Красно-оранжевый цвет фюзеляжа с широкой синей полосой посередине хорошо контрастировал на ярко-белой льдине. Почти все ледокольные вертолеты имели подобную окраску — в ясную погоду такую «масть» было отлично видно за пять-шесть километров.
Стойки шасси после первого удара были сломаны, бока помяты, остекление кабины разбито. Вместо лопастей несущего винта торчали короткие обрубки, а по обшивке из моторного отсека на снег стекало темное масло.
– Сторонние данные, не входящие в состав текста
(* Let $(M,d,e)$ be a commutative comonoid in the symmetric monoidal category $\mathcal{C}_G$ of payoff Conway games. Then $M$ is a negative Conway game, i.e. every initial move of $M$ is an Opponent move.
   Context: A Conway game $A=(V_A,E_A,\lambda_A)$ is a rooted directed graph with root $\star_A$ and polarity $\lambda_A:E_A\to\{-1,+1\}$ ($-1$ Opponent, $+1$ Player); an initial move is an edge leaving $\star_A$. Plays are paths from the root; a strategy on $A$ is a set of alternating even-length plays containing the empty play, whose nonempty plays start with an Opponent move, closed under even-length prefixes and deterministic. A payoff game additionally has $\kappa_A=(\kappa^+_A,\kappa^-_A)$ from paths to $\mathbb{N}\times\mathbb{N}$ with: $\lambda_A(m)=-1\Rightarrow\kappa^+_A(m)=0$, $\lambda_A(m)=+1\Rightarrow\kappa^-_A(m)=0$; $\kappa_A(t)\le\kappa_A(s;t)$; $\kappa_A(s;t)\le\kappa_A(s)+\kappa_A(t)$; empty paths have payoff $(0,0)$. $A^*$ reverses polarities and swaps $\kappa^+,\kappa^-$; $A\otimes B$ is the product graph (moves in either component, polarity and payoff summed from projections); $1$ is the one-position game. $\mathcal{C}_G$ has payoff games as objects and as morphisms $A\to B$ the winning strategies on $A^*\otimes B$ (those whose every played path $s$ satisfies $\kappa^+(s)=0\Rightarrow\kappa^-(s)=0$), composed by parallel composition and hiding, with copycat identities; it is symmetric monoidal with $\otimes$, unit $1$ and symmetry $\alpha_{A,B}:A\otimes B\to B\otimes A$ the copycat strategy swapping components. A commutative comonoid is an object $M$ with $d:M\to M\otimes M$ and $e:M\to 1$ satisfying coassociativity, counit laws and $d;\alpha_{M,M}=d$. *)

From mathcomp Require Import all_boot.
Set Implicit Arguments. Unset Strict Implicit. Unset Printing Implicit Defensive.

(** Polarity: [gpol e = true] means Player (+1), [false] means Opponent (-1). *)
Record arena := Arena {
  gV : Type;
  gE : Type;
  gsrc : gE -> gV;
  gtgt : gE -> gV;
  groot : gV;
  gpol : gE -> bool;
  gkp : seq gE -> nat;
  gkm : seq gE -> nat
}.
Arguments gsrc : clear implicits.
Arguments gtgt : clear implicits.
Arguments groot : clear implicits.
Arguments gpol : clear implicits.
Arguments gkp : clear implicits.
Arguments gkm : clear implicits.

Fixpoint chain (G : arena) (s : seq (gE G)) : Prop :=
  match s with
  | [::] => True
  | e :: s' =>
      match s' with
      | [::] => True
      | f :: _ => gtgt G e = gsrc G f /\ chain s'
      end
  end.

Fixpoint path_from (G : arena) (v : gV G) (s : seq (gE G)) : Prop :=
  match s with
  | [::] => True
  | e :: s' => gsrc G e = v /\ path_from (gtgt G e) s'
  end.

Definition play (G : arena) (s : seq (gE G)) : Prop := path_from (groot G) s.

Fixpoint alt_from (G : arena) (b : bool) (s : seq (gE G)) : Prop :=
  match s with
  | [::] => True
  | e :: s' => gpol G e = b /\ alt_from (~~ b) s'
  end.

Definition alternating (G : arena) (s : seq (gE G)) : Prop := alt_from false s.

Definition payoff_game (G : arena) : Prop :=
  (forall m, gpol G m = false -> gkp G [:: m] = 0) /\
  (forall m, gpol G m = true -> gkm G [:: m] = 0) /\
  (forall s t, chain (s ++ t) ->
     gkp G t <= gkp G (s ++ t) /\ gkm G t <= gkm G (s ++ t)) /\
  (forall s t, chain (s ++ t) ->
     gkp G (s ++ t) <= gkp G s + gkp G t /\ gkm G (s ++ t) <= gkm G s + gkm G t) /\
  gkp G [::] = 0 /\ gkm G [::] = 0.

Definition negative (G : arena) : Prop :=
  forall m, gsrc G m = groot G -> gpol G m = false.

Definition dual (A : arena) : arena :=
  {| gV := gV A; gE := gE A; gsrc := @gsrc A; gtgt := @gtgt A; groot := groot A;
     gpol := fun m => ~~ gpol A m; gkp := @gkm A; gkm := @gkp A |}.

Definition tE (A B : arena) : Type := (gE A * gV B + gV A * gE B)%type.

Definition projL (A B : arena) (e : tE A B) : option (gE A) :=
  match e with inl (a, _) => Some a | inr _ => None end.
Definition projR (A B : arena) (e : tE A B) : option (gE B) :=
  match e with inl _ => None | inr (_, b) => Some b end.

Definition tensor (A B : arena) : arena :=
  {| gV := (gV A * gV B)%type;
     gE := tE A B;
     gsrc := fun e => match e with
                      | inl (a, y) => (gsrc A a, y)
                      | inr (x, b) => (x, gsrc B b) end;
     gtgt := fun e => match e with
                      | inl (a, y) => (gtgt A a, y)
                      | inr (x, b) => (x, gtgt B b) end;
     groot := (groot A, groot B);
     gpol := fun e => match e with
                      | inl (a, _) => gpol A a
                      | inr (_, b) => gpol B b end;
     gkp := fun s => gkp A (pmap (@projL A B) s) + gkp B (pmap (@projR A B) s);
     gkm := fun s => gkm A (pmap (@projL A B) s) + gkm B (pmap (@projR A B) s) |}.

Definition unitg : arena :=
  {| gV := unit; gE := Empty_set; gsrc := fun e => match e with end;
     gtgt := fun e => match e with end; groot := tt;
     gpol := fun e => match e with end; gkp := fun _ => 0; gkm := fun _ => 0 |}.

Definition strategy (G : arena) (sigma : seq (gE G) -> Prop) : Prop :=
  sigma [::] /\
  (forall s, sigma s -> play s /\ alternating s /\ ~~ odd (size s)) /\
  (forall s n, sigma s -> ~~ odd n -> sigma (take n s)) /\
  (forall s m n n', sigma (s ++ [:: m; n]) -> sigma (s ++ [:: m; n']) -> n = n').

Definition winning (G : arena) (sigma : seq (gE G) -> Prop) : Prop :=
  forall s, sigma s -> gkp G s = 0 -> gkm G s = 0.

Definition Hom (A B : arena) : Type := seq (gE (tensor (dual A) B)) -> Prop.

Definition morphism (A B : arena) (sigma : Hom A B) : Prop :=
  strategy sigma /\ winning sigma.

Definition heq (A B : arena) (sigma tau : Hom A B) : Prop :=
  forall s, sigma s <-> tau s.

(** composition by parallel composition and hiding.
    Interaction sequences are paths from the root in the product graph
    (A (x) B) (x) C (positions V_A * V_B * V_C). *)
Definition pAB (A B C : arena) (e : gE (tensor (tensor A B) C))
  : option (gE (tensor (dual A) B)) :=
  match e with inl (x, _) => Some x | inr _ => None end.
Definition pBC (A B C : arena) (e : gE (tensor (tensor A B) C))
  : option (gE (tensor (dual B) C)) :=
  match e with
  | inl (inl _, _) => None
  | inl (inr (_, b), z) => Some (inl (b, z))
  | inr ((_, y), c) => Some (inr (y, c))
  end.
Definition pAC (A B C : arena) (e : gE (tensor (tensor A B) C))
  : option (gE (tensor (dual A) C)) :=
  match e with
  | inl (inl (a, _), z) => Some (inl (a, z))
  | inl (inr _, _) => None
  | inr ((x, _), c) => Some (inr (x, c))
  end.

Definition compose (A B C : arena) (sigma : Hom A B) (tau : Hom B C) : Hom A C :=
  fun s => exists u : seq (gE (tensor (tensor A B) C)),
    play u /\ sigma (pmap (@pAB A B C) u) /\ tau (pmap (@pBC A B C) u) /\
    s = pmap (@pAC A B C) u.

Definition tAB (A B C D : arena)
  (e : gE (tensor (dual (tensor A C)) (tensor B D))) : option (gE (tensor (dual A) B)) :=
  match e with
  | inl (inl (a, _), (y, _)) => Some (inl (a, y))
  | inl (inr _, _) => None
  | inr ((x, _), inl (b, _)) => Some (inr (x, b))
  | inr (_, inr _) => None
  end.
Definition tCD (A B C D : arena)
  (e : gE (tensor (dual (tensor A C)) (tensor B D))) : option (gE (tensor (dual C) D)) :=
  match e with
  | inl (inl _, _) => None
  | inl (inr (_, c), (_, w)) => Some (inl (c, w))
  | inr (_, inl _) => None
  | inr ((_, z), inr (_, d)) => Some (inr (z, d))
  end.

Definition tens (A B C D : arena) (sigma : Hom A B) (tau : Hom C D)
  : Hom (tensor A C) (tensor B D) :=
  fun s => play s /\ alternating s /\ ~~ odd (size s) /\
    sigma (pmap (@tAB A B C D) s) /\ tau (pmap (@tCD A B C D) s).

Definition copycat (A B : arena) (f : gE A -> gE B) : Hom A B :=
  fun s => play s /\ alternating s /\ ~~ odd (size s) /\
    forall n, ~~ odd n ->
      map f (pmap (@projL (dual A) B) (take n s)) = pmap (@projR (dual A) B) (take n s).

Definition idg (A : arena) : Hom A A := copycat (fun e : gE A => e).

Definition swapE (A B : arena) (e : gE (tensor A B)) : gE (tensor B A) :=
  match e with inl (a, y) => inr (y, a) | inr (x, b) => inl (b, x) end.
Definition sym (A B : arena) : Hom (tensor A B) (tensor B A) := copycat (@swapE A B).

Definition assocE (A B C : arena) (e : gE (tensor (tensor A B) C))
  : gE (tensor A (tensor B C)) :=
  match e with
  | inl (inl (a, y), z) => inl (a, (y, z))
  | inl (inr (x, b), z) => inr (x, inl (b, z))
  | inr ((x, y), c) => inr (x, inr (y, c))
  end.
Definition assoc (A B C : arena) : Hom (tensor (tensor A B) C) (tensor A (tensor B C)) :=
  copycat (@assocE A B C).

Definition lunitE (A : arena) (e : gE (tensor unitg A)) : gE A :=
  match e with inl (v, _) => match v with end | inr (_, a) => a end.
Definition lunit (A : arena) : Hom (tensor unitg A) A := copycat (@lunitE A).

Definition runitE (A : arena) (e : gE (tensor A unitg)) : gE A :=
  match e with inl (a, _) => a | inr (_, v) => match v with end end.
Definition runit (A : arena) : Hom (tensor A unitg) A := copycat (@runitE A).

Arguments idg : clear implicits.
Arguments sym : clear implicits.
Arguments assoc : clear implicits.
Arguments lunit : clear implicits.
Arguments runit : clear implicits.

Definition comm_comonoid (M : arena) (d : Hom M (tensor M M)) (e : Hom M unitg) : Prop :=
  morphism d /\ morphism e /\
  heq (compose (compose d (tens d (idg M))) (assoc M M M))
      (compose d (tens (idg M) d)) /\
  heq (compose (compose d (tens e (idg M))) (lunit M)) (idg M) /\
  heq (compose (compose d (tens (idg M) e)) (runit M)) (idg M) /\
  heq (compose d (sym M M)) d.

(* Suppose M had an initial Player move m.  Then the copycat identity contains the
   play (m in M^*, m in M), so by the left counit law this play arises from
   d;(e (x) id).  Following the hidden interaction backwards, the visible Player
   reply in the codomain forces a Player reply in the codomain at each stage, so d
   answers the opening move m by a Player move b in M (x) M.  Cocommutativity
   d;swap = d makes d answer the same move by swap b as well, which lies in the
   other component of M (x) M: this contradicts determinism. *)

From mathcomp Require Import all_boot.
Set Implicit Arguments. Unset Strict Implicit. Unset Printing Implicit Defensive.

Lemma strategy_prefix2 (G : arena) (sigma : seq (gE G) -> Prop) m n s :
  strategy sigma -> sigma (m :: n :: s) -> sigma [:: m; n].
Proof. by move=> [_ [_ [sigma_take _]]] /(sigma_take _ 2); rewrite /= take0; apply. Qed.

Lemma copycat_initial (A B : arena) (f : gE A -> gE B) (a : gE A) :
  gsrc A a = groot A -> gpol A a -> gsrc B (f a) = groot B -> gpol B (f a) ->
  copycat f [:: inl (a, groot B); inr (gtgt A a, f a)].
Proof.
move=> a_init a_pl fa_init fa_pl.
rewrite /copycat /play /alternating /= a_init a_pl fa_init fa_pl.
by do !split => //; case=> [|[|n]].
Qed.

Lemma compose_copycat_reply (A B C : arena) (sigma : Hom A B) (f : gE B -> gE C)
    (a : gE A) (b : gE B) :
  gsrc A a = groot A -> gsrc B b = groot B -> gpol B b ->
  gsrc C (f b) = groot C -> gpol C (f b) ->
  sigma [:: inl (a, groot B); inr (gtgt A a, b)] ->
  compose sigma (copycat f) [:: inl (a, groot C); inr (gtgt A a, f b)].
Proof.
move=> a_init b_init b_pl fb_init fb_pl sigma_ab.
exists [:: inl (inl (a, groot B), groot C); inl (inr (gtgt A a, b), groot C);
          inr ((gtgt A a, gtgt B b), f b)].
split; first by rewrite /play /= a_init b_init fb_init.
by split=> //; split=> //; apply: copycat_initial.
Qed.

Section Swap.
Variables A B : arena.

Lemma gsrc_swapE (m : gE (tensor A B)) :
  gsrc (tensor B A) (swapE m) = ((gsrc (tensor A B) m).2, (gsrc (tensor A B) m).1).
Proof. by case: m => [[]|[]]. Qed.

Lemma gpol_swapE (m : gE (tensor A B)) : gpol (tensor B A) (swapE m) = gpol (tensor A B) m.
Proof. by case: m => [[]|[]]. Qed.

End Swap.

Lemma swapE_neq (A : arena) (m : gE (tensor A A)) : swapE m <> m.
Proof. by case: m => [[]|[]]. Qed.

(* Composing with the symmetry moves the reply to the other component of B (x) B,
   contradicting determinism. *)
Lemma cocommutative_no_codomain_reply (A B : arena) (d : Hom A (tensor B B)) :
  strategy d -> heq (compose d (sym B B)) d ->
  forall a v x b s, ~ d (inl (a, v) :: inr (x, b) :: s).
Proof.
move=> d_strat d_sym a v x b s /(strategy_prefix2 d_strat) d_ab.
have [[[a_init v_root] [[x_tgt b_root] _]] [[_ [b_pl _]] _]] := d_strat.2.1 _ d_ab.
subst v x.
have b_init : gsrc (tensor B B) b = groot (tensor B B) := b_root.
have d_swap : d [:: inl (a, groot (tensor B B)); inr (gtgt A a, swapE b)].
  apply/d_sym/compose_copycat_reply => //.
  - by rewrite gsrc_swapE b_init.
  - by rewrite gpol_swapE.
by case: (d_strat.2.2.2 [::] _ _ _ d_ab d_swap) => /esym/swapE_neq.
Qed.

Definition early_right_player_move (A B : arena) (s : seq (gE (tensor A B))) : Prop :=
  match s with
  | inr (_, c) :: _ | inl _ :: inr (_, c) :: _ => gpol B c
  | _ => False
  end.

Lemma early_right_player_move_alternating (A B : arena) (s : seq (gE (tensor A B))) :
  early_right_player_move s -> alternating s ->
  exists m n t, s = inl m :: inr n :: t.
Proof.
rewrite /alternating; case: s => [|[m|[x c]] t] //=.
  by case: t => [|[m'|n] t] // _ _; exists m, n, t.
by move=> c_pl [c_op _]; rewrite c_pl in c_op.
Qed.

(* A visible Player move in C cannot open the play of the second strategy, so it
   must have been prompted by a Player move of the first strategy in B. *)
Lemma compose_early_right_player_move (A B C : arena) (u : seq (gE (tensor (tensor A B) C))) :
  alternating (pmap (@pBC A B C) u) ->
  early_right_player_move (pmap (@pAC A B C) u) ->
  early_right_player_move (pmap (@pAB A B C) u).
Proof.
rewrite /alternating.
case: u => [|[[[[? ?]|[? ?]] ?]|[[? ?] ?]] u] //=.
- case: u => [|[[[[? ?]|[? ?]] ?]|[[? ?] ?]] u] //=.
    by move=> [/negbFE].
  by move=> [c_op _] c_pl; rewrite c_pl in c_op.
- by move=> [/negbFE].
- by move=> [c_op _] c_pl; rewrite c_pl in c_op.
Qed.

Theorem mainTheorem6 (M : arena) (d : Hom M (tensor M M)) (e : Hom M unitg) :
  payoff_game M -> comm_comonoid d e -> negative M.
Proof.
move=> _ [[d_strat _] [_ [_ [counit_l [_ cocomm]]]]] m m_init.
apply/negbTE/negP => m_pl.
have /counit_l := copycat_initial (f := fun m : gE M => m) m_init m_pl m_init m_pl.
case=> u1 [_ [[u2 [_ [d_u2 [eid_u2 u2_AC]]]] [lunit_u1 u1_AC]]].
have reply1 : early_right_player_move (pmap (@pAC _ _ _) u1) by rewrite -u1_AC.
have := compose_early_right_player_move lunit_u1.2.1 reply1.
rewrite u2_AC => /(compose_early_right_player_move eid_u2.2.1).
case/early_right_player_move_alternating; first exact: (d_strat.2.1 _ d_u2).2.1.
move=> [a v] [[x b] [s d_ab]]; rewrite d_ab in d_u2.
exact: cocommutative_no_codomain_reply d_u2.
Qed.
Кругом валялись обломки фюзеляжа, шасси и лопастей.
— Черт… Как же нас приложило… — с трудом восстанавливал дыхание Севченко.
Он находился снизу, так как машина лежала на правом боку. Во время падения капитан ударился грудной клеткой о «съехавшую» назад приборную доску — дышалось ему сейчас тяжело.
Кукушкин висел сверху и стонал, морщась от боли. Голова у него была разбита, в пилотском кресле его удерживали привязные ремни и зажатая деформированной приборной панелью нога.
— Что там у тебя? — перевернувшись, посмотрел на него Валентин Григорьевич. Определив причину, успокоил: — Погоди… Сейчас что-нибудь придумаем…
Отстегнув свой ремень, он встал на колени и принял вертикальное положение. Затем попробовал приподнять край согнутой ударом приборной доски.
Не вышло.
Тогда он полностью поднялся на ноги, ухватился за «железо» двумя руками и предпринял вторую попытку.
— Гадство… не получается. А что у нас со связью? — решил он отвлечь стонавшего Кукушкина.
— Не знаю… — ответил тот. — Сейчас проверю…
Притянув за провод слетевшую с головы гарнитуру, он приложил к уху один из наушников и нажал кнопку «Радио». Но ни щелчков, ни какого-либо иного звука не услышал.
— Накрылась станция. Вообще вся сеть накрылась — питания нет, — прошептал он. И кивнул в сторону разбитого лобового стекла: — Вон наши аккумуляторы на снегу лежат. Выкинуло их из отсека при ударе…
Севченко кивнул:
— Ладно. Тогда давай займемся твоей ногой…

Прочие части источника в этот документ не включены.